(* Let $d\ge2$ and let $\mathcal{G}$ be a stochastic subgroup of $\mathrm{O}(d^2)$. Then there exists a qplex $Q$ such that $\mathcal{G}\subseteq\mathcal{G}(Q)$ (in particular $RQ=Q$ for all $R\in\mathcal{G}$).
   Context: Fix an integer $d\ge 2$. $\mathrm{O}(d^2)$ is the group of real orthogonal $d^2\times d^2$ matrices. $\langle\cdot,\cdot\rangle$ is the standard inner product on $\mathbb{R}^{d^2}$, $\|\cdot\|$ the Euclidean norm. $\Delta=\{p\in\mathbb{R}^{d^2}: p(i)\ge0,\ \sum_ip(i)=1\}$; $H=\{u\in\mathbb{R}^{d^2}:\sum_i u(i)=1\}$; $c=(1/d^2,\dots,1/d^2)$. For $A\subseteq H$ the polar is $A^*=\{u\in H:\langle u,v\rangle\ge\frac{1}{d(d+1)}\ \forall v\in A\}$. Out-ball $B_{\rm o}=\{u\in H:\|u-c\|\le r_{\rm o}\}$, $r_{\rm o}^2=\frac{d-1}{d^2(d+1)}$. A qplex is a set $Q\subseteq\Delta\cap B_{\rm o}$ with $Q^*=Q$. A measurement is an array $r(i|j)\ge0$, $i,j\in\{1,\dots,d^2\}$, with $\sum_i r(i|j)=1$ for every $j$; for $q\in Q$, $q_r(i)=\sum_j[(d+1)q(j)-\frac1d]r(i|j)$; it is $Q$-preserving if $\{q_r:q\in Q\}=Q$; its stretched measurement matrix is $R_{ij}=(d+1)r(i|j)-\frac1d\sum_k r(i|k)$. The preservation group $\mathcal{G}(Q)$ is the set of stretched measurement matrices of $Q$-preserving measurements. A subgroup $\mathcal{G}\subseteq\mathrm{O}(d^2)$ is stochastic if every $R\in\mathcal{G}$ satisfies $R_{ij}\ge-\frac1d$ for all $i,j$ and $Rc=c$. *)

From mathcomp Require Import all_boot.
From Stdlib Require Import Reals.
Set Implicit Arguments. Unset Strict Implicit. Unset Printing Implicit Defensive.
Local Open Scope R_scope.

################

■ Your goal
If a line of the entries above holds "From", count it, then report the total alone.

■ Output
2